Work to complete. If a line in the listing below holds the word "alphaE", it counts toward the total; report that total alone.

Source records.
BEGIN

(* Let $\Phi_1,\Phi_2,\Phi_3,\Psi_1,\Psi_2,\Psi_3:\mathbb{Z}^3\to\mathbb{Q}$ be the functions defined in the context. Then for all integers $a,b,c$ and each $i\in\{1,2,3\}$, \[ \Phi_i(a,b,c)\,\Phi_i(a-3,b-3,c-2)=\Phi_i(a-2,b-1,c)\,\Phi_i(a-1,b-2,c-2)+\Phi_i(a-1,b-1,c-1)\,\Phi_i(a-2,b-2,c-1) \] and \[ \Psi_i(a,b,c)\,\Psi_i(a-3,b-3,c-2)=\Psi_i(a-2,b-1,c)\,\Psi_i(a-1,b-2,c-2)+\Psi_i(a-1,b-1,c-1)\,\Psi_i(a-2,b-2,c-1). \]
   Context: For integers $a,b,c$ define $g(a,b,c)=(b-a)(b-c)+\left\lfloor\frac{(a-c)^2}{3}\right\rfloor$, $q(a,b,c)=\left\lfloor\frac{(a-b+c)^2}{4}\right\rfloor$, $\alpha(a,b,c)=2$ if $3b+a-c\equiv 1\pmod 6$, $\alpha(a,b,c)=3$ if $3b+a-c\equiv 5\pmod 6$, and $\alpha(a,b,c)=1$ otherwise; $\beta(a,b,c)=3$ if $3b+a-c\equiv 1\pmod 6$, $\beta(a,b,c)=2$ if $3b+a-c\equiv 5\pmod 6$, and $\beta(a,b,c)=1$ otherwise. Writing $g=g(a,b,c)$, $q=q(a,b,c)$ and $r=\lfloor (a-c+1)/3\rfloor$, define (exponents may be negative, so values are rational) $\Phi_1(a,b,c)=\alpha(a,b,c)\,2^{g(a,b,c+1)}5^{g}11^{q}$, $\Phi_2(a,b,c)=\alpha(a,b,c)\,2^{g(a,b,c-1)-r+(a-b)}5^{g}11^{q}$, $\Phi_3(a,b,c)=\alpha(a,b,c)\,2^{g(a,b,c-1)-r}5^{g}11^{q}$, $\Psi_1(a,b,c)=\beta(a,b,c)\,2^{g(a,b,c-1)}5^{g}11^{q}$, $\Psi_2(a,b,c)=\beta(a,b,c)\,2^{g(a,b,c+1)+r-(a-b)}5^{g}11^{q}$, $\Psi_3(a,b,c)=\beta(a,b,c)\,2^{g(a,b,c+1)+r}5^{g}11^{q}$. *)

From mathcomp Require Import all_boot all_order all_algebra.
Set Implicit Arguments. Unset Strict Implicit. Unset Printing Implicit Defensive.
Import Order.TTheory GRing.Theory Num.Theory.
Local Open Scope ring_scope.

(* Integer floor division: for d > 0, (m %/ d)%Z is the floor of m/d
   (intdiv's remainder (m %% d)%Z is in [0, d)). *)

Definition g (a b c : int) : int :=
  (b - a) * (b - c) + ((a - c) ^+ 2 %/ 3)%Z.

Definition q (a b c : int) : int := ((a - b + c) ^+ 2 %/ 4)%Z.

Definition alpha (a b c : int) : rat :=
  let m := ((3 * b + a - c) %% 6)%Z in
  if m == 1 then 2%:Q else if m == 5 then 3%:Q else 1%:Q.

Definition beta (a b c : int) : rat :=
  let m := ((3 * b + a - c) %% 6)%Z in
  if m == 1 then 3%:Q else if m == 5 then 2%:Q else 1%:Q.

Definition r (a c : int) : int := ((a - c + 1) %/ 3)%Z.

Definition common (a b c : int) : rat :=
  (5%:Q) ^ (g a b c) * (11%:Q) ^ (q a b c).

Definition Phi1 (a b c : int) : rat :=
  alpha a b c * (2%:Q) ^ (g a b (c + 1)) * common a b c.
Definition Phi2 (a b c : int) : rat :=
  alpha a b c * (2%:Q) ^ (g a b (c - 1) - r a c + (a - b)) * common a b c.
Definition Phi3 (a b c : int) : rat :=
  alpha a b c * (2%:Q) ^ (g a b (c - 1) - r a c) * common a b c.
Definition Psi1 (a b c : int) : rat :=
  beta a b c * (2%:Q) ^ (g a b (c - 1)) * common a b c.
Definition Psi2 (a b c : int) : rat :=
  beta a b c * (2%:Q) ^ (g a b (c + 1) + r a c - (a - b)) * common a b c.
Definition Psi3 (a b c : int) : rat :=
  beta a b c * (2%:Q) ^ (g a b (c + 1) + r a c) * common a b c.

Definition Phi (i : 'I_3) : int -> int -> int -> rat :=
  match val i with 0%N => Phi1 | 1%N => Phi2 | _ => Phi3 end.
Definition Psi (i : 'I_3) : int -> int -> int -> rat :=
  match val i with 0%N => Psi1 | 1%N => Psi2 | _ => Psi3 end.

(* Each of Phi_i, Psi_i is a coefficient alpha or beta times 2^E 5^g 11^q.  The
   pairs of points {(a,b,c), (a-3,b-3,c-2)}, {(a-2,b-1,c), (a-1,b-2,c-2)} and
   {(a-1,b-1,c-1), (a-2,b-2,c-1)} have the same sum, so the defects ddA, ddB
   comparing the totals of a function on these pairs vanish on quadratic
   polynomials.  The exponents are quadratic up to floors that are periodic in
   a-c mod 3 and a-b+c mod 2, so their defects depend only on the phase
   m = 3b+a-c mod 6, which also determines the coefficients.  The relation thus
   reduces to six numerical identities, e.g. for m = 0
   alpha(0) alpha(2) = alpha(1)^2 2/11 + alpha(3) alpha(5)/11, i.e. 11 = 8 + 3. *)

From mathcomp Require Import all_boot all_order all_algebra zify ring.
Import Order.TTheory GRing.Theory Num.Theory.
Local Open Scope ring_scope.

Definition octahedron (F : int -> int -> int -> rat) : Prop :=
  forall a b c,
    F a b c * F (a - 3) (b - 3) (c - 2)
      = F (a - 2) (b - 1) c * F (a - 1) (b - 2) (c - 2)
        + F (a - 1) (b - 1) (c - 1) * F (a - 2) (b - 2) (c - 1).

Lemma octahedron_ext (F G : int -> int -> int -> rat) :
  (forall a b c, F a b c = G a b c) -> octahedron G -> octahedron F.
Proof. by move=> FG octG a b c; rewrite !FG. Qed.

Definition ddA (f : int -> int -> int -> int) (a b c : int) : int :=
  f (a - 2) (b - 1) c + f (a - 1) (b - 2) (c - 2) - f a b c - f (a - 3) (b - 3) (c - 2).

Definition ddB (f : int -> int -> int -> int) (a b c : int) : int :=
  f (a - 1) (b - 1) (c - 1) + f (a - 2) (b - 2) (c - 1) - f a b c - f (a - 3) (b - 3) (c - 2).

Definition scale (x y z : int) : rat := 2%:Q ^ x * 5%:Q ^ y * 11%:Q ^ z.

Lemma scaleD (x y z x' y' z' : int) :
  scale (x + x') (y + y') (z + z') = scale x y z * scale x' y' z'.
Proof. by rewrite /scale !expfzDr //; ring. Qed.

Lemma octahedron_scale (k : int -> int -> int -> rat) (e2 e5 e11 : int -> int -> int -> int) :
  (forall a b c,
    k a b c * k (a - 3) (b - 3) (c - 2)
      = k (a - 2) (b - 1) c * k (a - 1) (b - 2) (c - 2)
          * scale (ddA e2 a b c) (ddA e5 a b c) (ddA e11 a b c)
        + k (a - 1) (b - 1) (c - 1) * k (a - 2) (b - 2) (c - 1)
          * scale (ddB e2 a b c) (ddB e5 a b c) (ddB e11 a b c)) ->
  octahedron (fun a b c => k a b c * scale (e2 a b c) (e5 a b c) (e11 a b c)).
Proof.
move=> kE a b c /=.
set s := fun x y z => scale (e2 x y z) (e5 x y z) (e11 x y z).
have sA : s (a - 2) (b - 1) c * s (a - 1) (b - 2) (c - 2)
    = scale (ddA e2 a b c) (ddA e5 a b c) (ddA e11 a b c) * (s a b c * s (a - 3) (b - 3) (c - 2)).
  by rewrite /s -!scaleD /ddA; congr scale; ring.
have sB : s (a - 1) (b - 1) (c - 1) * s (a - 2) (b - 2) (c - 1)
    = scale (ddB e2 a b c) (ddB e5 a b c) (ddB e11 a b c) * (s a b c * s (a - 3) (b - 3) (c - 2)).
  by rewrite /s -!scaleD /ddB; congr scale; ring.
rewrite [LHS]mulrACA kE [X in _ = X + _]mulrACA [X in _ = _ + X]mulrACA sA sB /s.
ring.
Qed.

Definition ePhi (i : 'I_3) : int -> int -> int -> int :=
  match val i with
  | 0%N => fun a b c => g a b (c + 1)
  | 1%N => fun a b c => g a b (c - 1) - r a c + (a - b)
  | _ => fun a b c => g a b (c - 1) - r a c
  end.

Definition ePsi (i : 'I_3) : int -> int -> int -> int :=
  match val i with
  | 0%N => fun a b c => g a b (c - 1)
  | 1%N => fun a b c => g a b (c + 1) + r a c - (a - b)
  | _ => fun a b c => g a b (c + 1) + r a c
  end.

Lemma PhiE (i : 'I_3) (a b c : int) :
  Phi i a b c = alpha a b c * scale (ePhi i a b c) (g a b c) (q a b c).
Proof.
by case: i => [[|[|[|n]]] Hi] //; rewrite /Phi /ePhi /= /Phi1 /Phi2 /Phi3 /common /scale !mulrA.
Qed.

Lemma PsiE (i : 'I_3) (a b c : int) :
  Psi i a b c = beta a b c * scale (ePsi i a b c) (g a b c) (q a b c).
Proof.
by case: i => [[|[|[|n]]] Hi] //; rewrite /Psi /ePsi /= /Psi1 /Psi2 /Psi3 /common /scale !mulrA.
Qed.

Definition phase (a b c : int) : int := ((3 * b + a - c) %% 6)%Z.

Lemma phase_bound (a b c : int) : 0 <= phase a b c < 6.
Proof. rewrite /phase; lia. Qed.

Lemma phase_shifts (a b c : int) :
  [/\ phase (a - 3) (b - 3) (c - 2) = ((phase a b c + 2) %% 6)%Z,
      phase (a - 2) (b - 1) c = ((phase a b c + 1) %% 6)%Z,
      phase (a - 1) (b - 2) (c - 2) = ((phase a b c + 1) %% 6)%Z,
      phase (a - 1) (b - 1) (c - 1) = ((phase a b c + 3) %% 6)%Z
    & phase (a - 2) (b - 2) (c - 1) = ((phase a b c + 5) %% 6)%Z].
Proof. rewrite /phase; split; lia. Qed.

(* a - c = 3 k + u and a - b + c = 2 l + v. *)
Lemma residue_ind (P : int -> int -> int -> Prop) :
  (forall u v c k l : int, (u = 0 \/ u = 1 \/ u = 2) -> (v = 0 \/ v = 1) ->
     P (c + 3 * k + u) (2 * c + 3 * k + u - 2 * l - v) c) ->
  forall a b c, P a b c.
Proof.
move=> HP a b c.
suff [k [l [u [v [Hu Hv -> ->]]]]] : exists k l u v : int,
    [/\ u = 0 \/ u = 1 \/ u = 2, v = 0 \/ v = 1,
        a = c + 3 * k + u & b = 2 * c + 3 * k + u - 2 * l - v] by exact: HP.
exists ((a - c) %/ 3)%Z, ((a - b + c) %/ 2)%Z, ((a - c) %% 3)%Z, ((a - b + c) %% 2)%Z.
by split; lia.
Qed.

Lemma dd_g (a b c : int) :
  ddA g a b c = ((phase a b c %% 3)%Z == 2)%:Z /\ ddB g a b c = 0.
Proof.
move: a b c; apply: residue_ind => u v c k l.
by rewrite /ddA /ddB /g /phase !expr2; case=> [|[|]] ->; case=> ->; split; lia.
Qed.

Lemma dd_q (a b c : int) :
  ddA q a b c = - ((phase a b c %% 2)%Z == 0)%:Z /\ ddB q a b c = - ((phase a b c %% 2)%Z == 0)%:Z.
Proof.
move: a b c; apply: residue_ind => u v c k l.
by rewrite /ddA /ddB /q /phase !expr2; case=> [|[|]] ->; case=> ->; split; lia.
Qed.

Lemma dd_ePhi (i : 'I_3) (a b c : int) :
  ddA (ePhi i) a b c = ((phase a b c %% 3)%Z == 0)%:Z /\ ddB (ePhi i) a b c = 0.
Proof.
move: a b c; apply: residue_ind => u v c k l.
by case: i => [[|[|[|n]]] Hi] //; rewrite /ePhi /= /ddA /ddB /g /r /phase !expr2;
  case=> [|[|]] ->; case=> ->; split; lia.
Qed.

Lemma dd_ePsi (i : 'I_3) (a b c : int) :
  ddA (ePsi i) a b c = ((phase a b c %% 3)%Z == 1)%:Z /\ ddB (ePsi i) a b c = 0.
Proof.
move: a b c; apply: residue_ind => u v c k l.
by case: i => [[|[|[|n]]] Hi] //; rewrite /ePsi /= /ddA /ddB /g /r /phase !expr2;
  case=> [|[|]] ->; case=> ->; split; lia.
Qed.

Definition alpha_at (m : int) : rat := if m == 1 then 2%:Q else if m == 5 then 3%:Q else 1%:Q.
Definition beta_at (m : int) : rat := if m == 1 then 3%:Q else if m == 5 then 2%:Q else 1%:Q.

Lemma alphaE (a b c : int) : alpha a b c = alpha_at (phase a b c). Proof. by []. Qed.
Lemma betaE (a b c : int) : beta a b c = beta_at (phase a b c). Proof. by []. Qed.

Lemma alpha_at_identity (m : int) : 0 <= m < 6 ->
  alpha_at m * alpha_at ((m + 2) %% 6)%Z
    = alpha_at ((m + 1) %% 6)%Z * alpha_at ((m + 1) %% 6)%Z
        * scale ((m %% 3)%Z == 0)%:Z ((m %% 3)%Z == 2)%:Z (- ((m %% 2)%Z == 0)%:Z)
      + alpha_at ((m + 3) %% 6)%Z * alpha_at ((m + 5) %% 6)%Z
        * scale 0 0 (- ((m %% 2)%Z == 0)%:Z).
Proof. by case: m => [[|[|[|[|[|[|n]]]]]]|n] //= _; apply/eqP; vm_compute. Qed.

Lemma beta_at_identity (m : int) : 0 <= m < 6 ->
  beta_at m * beta_at ((m + 2) %% 6)%Z
    = beta_at ((m + 1) %% 6)%Z * beta_at ((m + 1) %% 6)%Z
        * scale ((m %% 3)%Z == 1)%:Z ((m %% 3)%Z == 2)%:Z (- ((m %% 2)%Z == 0)%:Z)
      + beta_at ((m + 3) %% 6)%Z * beta_at ((m + 5) %% 6)%Z
        * scale 0 0 (- ((m %% 2)%Z == 0)%:Z).
Proof. by case: m => [[|[|[|[|[|[|n]]]]]]|n] //= _; apply/eqP; vm_compute. Qed.

Lemma Phi_octahedron (i : 'I_3) : octahedron (Phi i).
Proof.
apply: octahedron_ext (PhiE i) _; apply: octahedron_scale => a b c.
have [-> ->] := dd_ePhi i a b c; have [-> ->] := dd_g a b c; have [-> ->] := dd_q a b c.
rewrite !alphaE; have [-> -> -> -> ->] := phase_shifts a b c.
exact: alpha_at_identity (phase_bound a b c).
Qed.

Lemma Psi_octahedron (i : 'I_3) : octahedron (Psi i).
Proof.
apply: octahedron_ext (PsiE i) _; apply: octahedron_scale => a b c.
have [-> ->] := dd_ePsi i a b c; have [-> ->] := dd_g a b c; have [-> ->] := dd_q a b c.
rewrite !betaE; have [-> -> -> -> ->] := phase_shifts a b c.
exact: beta_at_identity (phase_bound a b c).
Qed.

Theorem lemma4p1 :
  forall (i : 'I_3) (a b c : int),
    Phi i a b c * Phi i (a - 3) (b - 3) (c - 2)
      = Phi i (a - 2) (b - 1) c * Phi i (a - 1) (b - 2) (c - 2)
        + Phi i (a - 1) (b - 1) (c - 1) * Phi i (a - 2) (b - 2) (c - 1)
    /\
    Psi i a b c * Psi i (a - 3) (b - 3) (c - 2)
      = Psi i (a - 2) (b - 1) c * Psi i (a - 1) (b - 2) (c - 2)
        + Psi i (a - 1) (b - 1) (c - 1) * Psi i (a - 2) (b - 2) (c - 1).
Proof. by move=> i a b c; split; [exact: Phi_octahedron | exact: Psi_octahedron]. Qed.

END

Response to the task. 2